#### [Problem description]
Print verbatim the opening line of the material and every subsequent line through the one containing "most 7 numbers meets them all. *)".

#### [Recorded information]
=== Section Start ===

(* $M^L(5)=8$.
   Context: $\mathbb{F}=\{0,1\}$. The binary $n$-dimensional hypercube $\mathbb{F}^n$ is the graph on $\mathbb{F}^n$ where two words are adjacent iff their Hamming distance is $1$. For a nonempty $C\subseteq\mathbb{F}^n$, $I(\mathbf{x})=N[\mathbf{x}]\cap C$ with $N[\mathbf{x}]$ the words at Hamming distance $\le1$ from $\mathbf{x}$. $C$ is a local identifying code if $I(\mathbf{x})\ne\emptyset$ for all $\mathbf{x}$ and $I(\mathbf{x})\ne I(\mathbf{y})$ for all adjacent $\mathbf{x},\mathbf{y}$. $M^L(n)$ is the minimum cardinality of a local identifying code in $\mathbb{F}^n$. *)

From mathcomp Require Import all_boot.
Set Implicit Arguments. Unset Strict Implicit. Unset Printing Implicit Defensive.

(* Binary words of length n: F^n with F = bool. *)
Definition word (n : nat) := {ffun 'I_n -> bool}.

Definition hamming n (x y : word n) : nat := #|[set i : 'I_n | x i != y i]|.

Definition adjacent n (x y : word n) : bool := hamming x y == 1.

Definition closed_nbhd n (x : word n) : {set word n} :=
  [set y : word n | hamming x y <= 1].

Definition I_set n (C : {set word n}) (x : word n) : {set word n} :=
  closed_nbhd x :&: C.

Definition local_identifying_code n (C : {set word n}) : Prop :=
  C != set0 /\
  (forall x : word n, I_set C x != set0) /\
  (forall x y : word n, adjacent x y -> I_set C x != I_set C y).

Definition is_ML n (m : nat) : Prop :=
  (exists C : {set word n}, local_identifying_code C /\ #|C| = m) /\
  (forall C : {set word n}, local_identifying_code C -> m <= #|C|).

From mathcomp Require Import all_boot.
Set Implicit Arguments. Unset Strict Implicit. Unset Printing Implicit Defensive.

(* Upper bound: the eight words of F^2 x {000, 111} form a local identifying
   code of F^5.

   Lower bound: a set C of words is a local identifying code exactly when it
   meets every closed neighbourhood N[x] and, for adjacent x and
   y, the symmetric difference of N[x] and N[y].  Coding the 32 words of F^5
   by their binary expansions turns these requirements into an explicit list
   of subsets of [0, 32), which the codes of C must all meet; an exhaustive
   search, proved complete below, shows by computation that no set of at
   most 7 numbers meets them all. *)

Fixpoint first_unhit (ch : seq nat) (cs : seq (seq nat)) : option (seq nat) :=
  match cs with
  | [::] => None
  | c :: cs' => if has (fun z => z \in ch) c then first_unhit ch cs' else Some c
  end.

(* try_each f l ex holds when f s ex' holds for some s in l outside ex, where
   ex' extends ex by the elements of l tried before s.  Excluding those
   elements keeps the search from visiting the same candidate set twice. *)
Fixpoint try_each (f : nat -> seq nat -> bool) (l ex : seq nat) : bool :=
  match l with
  | [::] => false
  | s :: l' => if s \in ex then try_each f l' ex
               else f s ex || try_each f l' (s :: ex)
  end.

(* search cs k ch ex: can ch be extended, by at most k numbers outside ex, to
   a set meeting every member of cs?  Any such set must contain an element of
   the first member of cs that ch misses, so the search branches on those.
   Only completeness is proved (search_complete): a result false thus
   certifies that no hitting set within the budget exists. *)
Fixpoint search (cs : seq (seq nat)) (k : nat) (ch ex : seq nat) : bool :=
  match first_unhit ch cs with
  | None => true
  | Some c => if k is k'.+1 then try_each (fun s ex => search cs k' (s :: ch) ex) c ex
              else false
  end.

Lemma first_unhitP ch cs S : first_unhit ch cs = Some S ->
  S \in cs /\ ~~ has (fun z => z \in ch) S.
Proof.
elim: cs => //= S' cs IH.
case: ifP => [_ /IH [Scs unhit] | unhit [<-]]; first by rewrite inE Scs orbT.
by rewrite inE eqxx unhit.
Qed.

Lemma try_eachP (P : pred nat) (f : nat -> seq nat -> bool) (l ex : seq nat) :
  (forall s ex, s \in l -> P s -> (forall e, e \in ex -> ~~ P e) -> f s ex) ->
  (exists2 z, z \in l & P z) -> (forall e, e \in ex -> ~~ P e) -> try_each f l ex.
Proof.
elim: l ex => [|s l IH] ex f_ok [z zl Pz] exP //=.
have f_ok' s' ex' : s' \in l -> P s' -> (forall e, e \in ex' -> ~~ P e) -> f s' ex'.
  by move=> s'l; apply: f_ok; rewrite inE s'l orbT.
have z_in_l : z != s -> z \in l by move: zl; rewrite inE => /orP [/eqP ->|]; rewrite ?eqxx.
case: ifP => s_ex.
  apply: IH => //; exists z => //; apply: z_in_l.
  by apply: contraTneq Pz => ->; exact: exP.
case Ps: (P s); first by rewrite f_ok // inE eqxx.
apply/orP; right; apply: IH => //.
  by exists z => //; apply: z_in_l; apply: contraFneq Ps => <-.
by move=> e; rewrite inE => /orP [/eqP ->|/exP]; rewrite ?Ps.
Qed.

Lemma search_complete (P : pred nat) cs k ch ex rest :
  (forall S, S \in cs -> has P S) ->
  (forall z, P z -> (z \in ch) || (z \in rest)) ->
  (forall e, e \in ex -> ~~ P e) ->
  size rest <= k -> search cs k ch ex.
Proof.
move=> P_hits; elim: k ch ex rest => [|k IH] ch ex rest P_cov exP size_rest /=;
  case E: (first_unhit ch cs) => [S|] //; case/first_unhitP: E => Scs unhit;
  have /hasP [z zS Pz] := P_hits _ Scs;
  have z_ch : z \notin ch by apply: contra unhit => zch; apply/hasP; exists z.
  by move: (P_cov _ Pz) size_rest; rewrite (negbTE z_ch) /=; case: (rest).
apply: (try_eachP (P := P)) => //; last by exists z.
move=> s ex' sS Ps ex'P.
have s_ch : s \notin ch by apply: contra unhit => sch; apply/hasP; exists s.
have s_rest : s \in rest by move: (P_cov _ Ps); rewrite (negbTE s_ch).
apply: (IH _ _ (rem s rest)) => //; last first.
  by rewrite size_rem //; move: size_rest s_rest; case: (rest).
move=> y Py; rewrite inE; case: eqVneq => //= y_s.
by have := P_cov _ Py; rewrite (perm_mem (perm_to_rem s_rest)) inE (negbTE y_s).
Qed.

Lemma search_hitting_set cs k (hs : seq nat) :
  (forall S, S \in cs -> has (fun z => z \in hs) S) -> size hs <= k ->
  search cs k [::] [::].
Proof.
by move=> hs_hits; apply: (search_complete (P := fun z => z \in hs) (rest := hs)).
Qed.

Definition separates n (x y w : word n) : bool :=
  (hamming x w <= 1) != (hamming y w <= 1).

Lemma I_set_neq0P n (C : {set word n}) x :
  reflect (exists2 w, w \in C & hamming x w <= 1) (I_set C x != set0).
Proof.
apply: (iffP (@set0Pn _ (I_set C x))) => [[w] | [w Cw xw]].
  by rewrite !inE => /andP [xw Cw]; exists w.
by exists w; rewrite !inE xw.
Qed.

Lemma I_set_neqP n (C : {set word n}) x y :
  reflect (exists2 w, w \in C & separates x y w) (I_set C x != I_set C y).
Proof.
apply: (iffP idP) => [neqI | [w Cw sep_w]].
  have [w] : exists w, (w \in I_set C x) != (w \in I_set C y).
    apply/existsP; apply: contraR neqI => /existsPn same.
    by apply/eqP/setP => w; have := same w; rewrite negbK => /eqP.
  by rewrite !inE; case Cw: (w \in C); rewrite ?andbF ?andbT // => sep_w; exists w.
apply/negP => /eqP /setP /(_ w); rewrite !inE Cw !andbT => same.
by move: sep_w; rewrite /separates same eqxx.
Qed.

Definition word_of n (m : nat) : word n := [ffun i : 'I_n => odd (m %/ 2 ^ i)].

Definition code_dist n (a b : nat) : nat :=
  count (fun i => odd (a %/ 2 ^ i) != odd (b %/ 2 ^ i)) (iota 0 n).

Lemma hamming_word_of n a b : hamming (word_of n a) (word_of n b) = code_dist n a b.
Proof.
rewrite /hamming /code_dist cardsE cardE size_filter -val_enum_ord count_map enumT.
by apply: eq_count => i /=; rewrite unfold_in /word_of !ffunE.
Qed.

Lemma word_of_inj : {in iota 0 32 &, injective (word_of 5)}.
Proof.
have digits_inj : all (fun a => all (fun b =>
    (code_dist 5 a b == 0) ==> (a == b)) (iota 0 32)) (iota 0 32) by vm_compute.
move=> a b ain bin eq_ab; apply/eqP.
move/allP/(_ a ain)/allP/(_ b bin)/implyP: digits_inj; apply.
rewrite -hamming_word_of eq_ab /hamming cards_eq0; apply/eqP/setP => i.
by rewrite !inE eqxx.
Qed.

(* Every word of F^5 is coded by a number below 32, since word_of 5 is
   injective there and F^5 has exactly 32 elements. *)
Lemma word_of_onto (w : word 5) : exists2 a, a \in iota 0 32 & word_of 5 a = w.
Proof.
have codes_uniq : uniq (map (word_of 5) (iota 0 32)).
  by rewrite map_inj_in_uniq ?iota_uniq //; exact: word_of_inj.
have all_coded : map (word_of 5) (iota 0 32) =i predT.
  apply/subset_cardP; last exact: subset_predT.
  by rewrite (card_uniqP codes_uniq) size_map size_iota card_ffun card_bool card_ord.
by have /mapP [a ain ->] := all_coded w; exists a.
Qed.

Definition codes_in (C : {set word 5}) : seq nat :=
  [seq a <- iota 0 32 | word_of 5 a \in C].

(* Coding is a bijection, so C has as many codes as elements. *)
Lemma size_codes_in C : size (codes_in C) = #|C|.
Proof.
have codes_uniq : uniq (map (word_of 5) (codes_in C)).
  rewrite map_inj_in_uniq ?filter_uniq ?iota_uniq //.
  by apply: sub_in2 word_of_inj => a; rewrite mem_filter => /andP [].
have coded_C : map (word_of 5) (codes_in C) =i enum C.
  move=> w; rewrite mem_enum; apply/mapP/idP => [[a] | wC].
    by rewrite mem_filter => /andP [? _] ->.
  by have [a ain aw] := word_of_onto w; exists a; rewrite // mem_filter aw wC.
by rewrite cardE -(perm_size (uniq_perm codes_uniq (enum_uniq _) coded_C)) size_map.
Qed.

Definition nbhd_codes (a : nat) : seq nat :=
  [seq z <- iota 0 32 | code_dist 5 a z <= 1].
Definition separating_codes (a b : nat) : seq nat :=
  [seq z <- iota 0 32 | (code_dist 5 a z <= 1) != (code_dist 5 b z <= 1)].

Definition constraints : seq (seq nat) :=
  [seq nbhd_codes a | a <- iota 0 32] ++
  [seq separating_codes a b | a <- iota 0 32,
                              b <- [seq b <- iota 0 32 | code_dist 5 a b == 1]].

Lemma codes_in_hit C : local_identifying_code C ->
  forall S, S \in constraints -> has (fun z => z \in codes_in C) S.
Proof.
case=> _ [dominating identifying] S; rewrite mem_cat => /orP [].
  case/mapP => a _ ->; have [w Cw aw] := I_set_neq0P _ _ (dominating (word_of 5 a)).
  have [z zin zw] := word_of_onto w; apply/hasP; exists z.
    by rewrite mem_filter zin -hamming_word_of zw aw.
  by rewrite mem_filter zw Cw.
case/allpairsPdep => a [b [_]]; rewrite mem_filter => /andP [ab _] ->.
have adj_ab : adjacent (word_of 5 a) (word_of 5 b) by rewrite /adjacent hamming_word_of.
have [w Cw sep_w] := I_set_neqP _ _ _ (identifying _ _ adj_ab).
have [z zin zw] := word_of_onto w; apply/hasP; exists z.
  by rewrite mem_filter zin -!hamming_word_of zw andbT.
by rewrite mem_filter zw Cw.
Qed.

Lemma no_small_hitting_set : search constraints 7 [::] [::] = false.
Proof. by vm_compute. Qed.

Lemma code_lower (C : {set word 5}) : local_identifying_code C -> 8 <= #|C|.
Proof.
move=> lic; rewrite leqNgt ltnS -size_codes_in; apply/negP => small.
by move: no_small_hitting_set; rewrite (search_hitting_set (codes_in_hit lic) small).
Qed.

(* The codes of F^2 x {000, 111}: binary digits (a0, a1, c, c, c). *)
Definition rep_codes : seq nat := [seq a + 28 * c | c <- iota 0 2, a <- iota 0 4].

Definition rep_code : {set word 5} := [set w in map (word_of 5) rep_codes].

(* Its eight codes are distinct and below 32, hence code distinct words. *)
Lemma card_rep_code : #|rep_code| = 8.
Proof.
rewrite cardsE (card_uniqP _) ?size_map // map_inj_in_uniq //.
by apply: sub_in2 word_of_inj; apply/allP.
Qed.

(* Upper bound: the domination and separation requirements, checked on the
   codes of all words and all adjacent pairs, transfer to words by coding. *)
Lemma rep_code_lic : local_identifying_code rep_code.
Proof.
have dominating : all (fun a => has (fun z => code_dist 5 a z <= 1) rep_codes)
  (iota 0 32) by vm_compute.
have identifying : all (fun a => all (fun b => (code_dist 5 a b == 1) ==>
  has (fun z => (code_dist 5 a z <= 1) != (code_dist 5 b z <= 1)) rep_codes)
  (iota 0 32)) (iota 0 32) by vm_compute.
split; first by apply/set0Pn; exists (word_of 5 0); rewrite inE map_f.
split=> [x | x y].
  have [a ain <-] := word_of_onto x; apply/I_set_neq0P.
  have /hasP [z zrep az] := allP dominating a ain.
  by exists (word_of 5 z); [rewrite inE map_f | rewrite hamming_word_of].
have [a ain <-] := word_of_onto x; have [b bin <-] := word_of_onto y.
rewrite /adjacent hamming_word_of => ab; apply/I_set_neqP.
have /hasP [z zrep sep_z] := implyP (allP (allP identifying a ain) b bin) ab.
by exists (word_of 5 z); [rewrite inE map_f | rewrite /separates !hamming_word_of].
Qed.

Theorem mainTheorem11 : is_ML 5 8.
Proof.
split; last exact: code_lower.
by exists rep_code; split; [exact: rep_code_lic | exact: card_rep_code].
Qed.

=== Section End ===

#### [Exercise result]
(* $M^L(5)=8$.
   Context: $\mathbb{F}=\{0,1\}$. The binary $n$-dimensional hypercube $\mathbb{F}^n$ is the graph on $\mathbb{F}^n$ where two words are adjacent iff their Hamming distance is $1$. For a nonempty $C\subseteq\mathbb{F}^n$, $I(\mathbf{x})=N[\mathbf{x}]\cap C$ with $N[\mathbf{x}]$ the words at Hamming distance $\le1$ from $\mathbf{x}$. $C$ is a local identifying code if $I(\mathbf{x})\ne\emptyset$ for all $\mathbf{x}$ and $I(\mathbf{x})\ne I(\mathbf{y})$ for all adjacent $\mathbf{x},\mathbf{y}$. $M^L(n)$ is the minimum cardinality of a local identifying code in $\mathbb{F}^n$. *)

From mathcomp Require Import all_boot.
Set Implicit Arguments. Unset Strict Implicit. Unset Printing Implicit Defensive.

(* Binary words of length n: F^n with F = bool. *)
Definition word (n : nat) := {ffun 'I_n -> bool}.

Definition hamming n (x y : word n) : nat := #|[set i : 'I_n | x i != y i]|.

Definition adjacent n (x y : word n) : bool := hamming x y == 1.

Definition closed_nbhd n (x : word n) : {set word n} :=
  [set y : word n | hamming x y <= 1].

Definition I_set n (C : {set word n}) (x : word n) : {set word n} :=
  closed_nbhd x :&: C.

Definition local_identifying_code n (C : {set word n}) : Prop :=
  C != set0 /\
  (forall x : word n, I_set C x != set0) /\
  (forall x y : word n, adjacent x y -> I_set C x != I_set C y).

Definition is_ML n (m : nat) : Prop :=
  (exists C : {set word n}, local_identifying_code C /\ #|C| = m) /\
  (forall C : {set word n}, local_identifying_code C -> m <= #|C|).

From mathcomp Require Import all_boot.
Set Implicit Arguments. Unset Strict Implicit. Unset Printing Implicit Defensive.

(* Upper bound: the eight words of F^2 x {000, 111} form a local identifying
   code of F^5.

   Lower bound: a set C of words is a local identifying code exactly when it
   meets every closed neighbourhood N[x] and, for adjacent x and
   y, the symmetric difference of N[x] and N[y].  Coding the 32 words of F^5
   by their binary expansions turns these requirements into an explicit list
   of subsets of [0, 32), which the codes of C must all meet; an exhaustive
   search, proved complete below, shows by computation that no set of at
   most 7 numbers meets them all. *)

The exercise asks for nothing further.